• Problem to work on: Please transcribe, word for word, the line containing "Import GRing.Theory Num.Theory." and every line after it through the end of the records below, and nothing else.

• Data provided:

□ □ □ □ □

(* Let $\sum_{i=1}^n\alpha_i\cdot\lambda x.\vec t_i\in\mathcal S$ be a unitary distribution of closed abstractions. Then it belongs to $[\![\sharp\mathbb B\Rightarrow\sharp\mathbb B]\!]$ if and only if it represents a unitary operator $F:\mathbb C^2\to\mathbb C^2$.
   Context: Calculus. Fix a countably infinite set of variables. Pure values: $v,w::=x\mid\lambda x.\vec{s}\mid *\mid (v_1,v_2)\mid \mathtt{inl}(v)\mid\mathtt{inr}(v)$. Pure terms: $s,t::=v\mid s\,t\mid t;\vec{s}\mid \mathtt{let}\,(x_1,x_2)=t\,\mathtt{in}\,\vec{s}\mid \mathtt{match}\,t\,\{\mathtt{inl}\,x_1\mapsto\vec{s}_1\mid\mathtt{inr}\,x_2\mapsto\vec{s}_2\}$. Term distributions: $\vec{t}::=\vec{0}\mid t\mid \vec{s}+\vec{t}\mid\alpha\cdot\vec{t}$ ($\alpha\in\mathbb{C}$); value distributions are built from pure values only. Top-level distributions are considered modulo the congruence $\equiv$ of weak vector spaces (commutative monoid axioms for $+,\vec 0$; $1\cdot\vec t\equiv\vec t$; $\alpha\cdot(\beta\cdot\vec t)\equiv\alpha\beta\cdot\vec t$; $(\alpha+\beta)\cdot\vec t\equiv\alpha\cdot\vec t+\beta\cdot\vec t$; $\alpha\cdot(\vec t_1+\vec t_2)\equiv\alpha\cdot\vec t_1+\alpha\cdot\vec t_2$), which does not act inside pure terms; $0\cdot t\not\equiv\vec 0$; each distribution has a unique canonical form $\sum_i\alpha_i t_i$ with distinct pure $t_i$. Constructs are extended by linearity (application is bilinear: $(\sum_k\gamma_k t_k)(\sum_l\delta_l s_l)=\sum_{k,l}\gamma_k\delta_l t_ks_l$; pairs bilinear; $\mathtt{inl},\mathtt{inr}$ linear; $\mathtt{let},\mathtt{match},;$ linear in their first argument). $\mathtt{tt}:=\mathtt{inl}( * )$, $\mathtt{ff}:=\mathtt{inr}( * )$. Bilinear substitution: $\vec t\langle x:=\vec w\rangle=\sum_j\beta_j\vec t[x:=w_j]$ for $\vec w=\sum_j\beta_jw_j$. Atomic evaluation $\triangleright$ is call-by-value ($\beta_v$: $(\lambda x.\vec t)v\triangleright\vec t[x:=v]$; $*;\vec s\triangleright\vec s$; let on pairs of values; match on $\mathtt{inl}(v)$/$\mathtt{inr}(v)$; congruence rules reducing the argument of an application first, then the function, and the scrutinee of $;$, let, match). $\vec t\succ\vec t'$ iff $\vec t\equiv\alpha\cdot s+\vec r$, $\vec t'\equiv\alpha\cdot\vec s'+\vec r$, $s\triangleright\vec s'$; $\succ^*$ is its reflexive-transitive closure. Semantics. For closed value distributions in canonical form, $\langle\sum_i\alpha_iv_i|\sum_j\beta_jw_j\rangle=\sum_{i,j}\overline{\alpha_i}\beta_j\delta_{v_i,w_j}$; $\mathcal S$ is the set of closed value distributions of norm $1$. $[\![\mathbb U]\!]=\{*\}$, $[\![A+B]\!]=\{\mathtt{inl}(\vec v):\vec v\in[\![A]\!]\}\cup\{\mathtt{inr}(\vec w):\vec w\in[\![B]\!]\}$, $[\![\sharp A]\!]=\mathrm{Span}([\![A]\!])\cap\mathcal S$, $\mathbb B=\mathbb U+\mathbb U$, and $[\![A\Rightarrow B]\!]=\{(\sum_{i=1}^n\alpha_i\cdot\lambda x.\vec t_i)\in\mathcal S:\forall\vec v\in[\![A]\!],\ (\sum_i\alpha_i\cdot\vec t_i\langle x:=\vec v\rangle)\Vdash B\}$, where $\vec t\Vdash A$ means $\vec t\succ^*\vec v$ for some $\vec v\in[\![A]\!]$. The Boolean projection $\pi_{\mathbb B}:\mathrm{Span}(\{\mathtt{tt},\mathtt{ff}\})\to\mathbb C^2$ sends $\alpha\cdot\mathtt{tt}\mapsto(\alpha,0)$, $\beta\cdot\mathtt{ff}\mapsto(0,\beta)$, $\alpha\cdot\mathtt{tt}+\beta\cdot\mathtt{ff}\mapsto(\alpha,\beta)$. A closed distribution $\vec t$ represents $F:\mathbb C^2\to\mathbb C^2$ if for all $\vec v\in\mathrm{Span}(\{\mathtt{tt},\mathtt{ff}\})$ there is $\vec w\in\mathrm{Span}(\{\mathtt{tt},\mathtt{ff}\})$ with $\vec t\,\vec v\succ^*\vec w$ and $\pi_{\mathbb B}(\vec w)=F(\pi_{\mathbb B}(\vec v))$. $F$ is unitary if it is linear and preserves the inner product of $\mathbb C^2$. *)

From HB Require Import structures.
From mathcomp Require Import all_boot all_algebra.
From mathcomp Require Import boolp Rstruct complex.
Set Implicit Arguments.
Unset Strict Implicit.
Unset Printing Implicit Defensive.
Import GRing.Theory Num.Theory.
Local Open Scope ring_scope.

□ □ □ □ □

• Answer space:
Import GRing.Theory Num.Theory.
Local Open Scope ring_scope.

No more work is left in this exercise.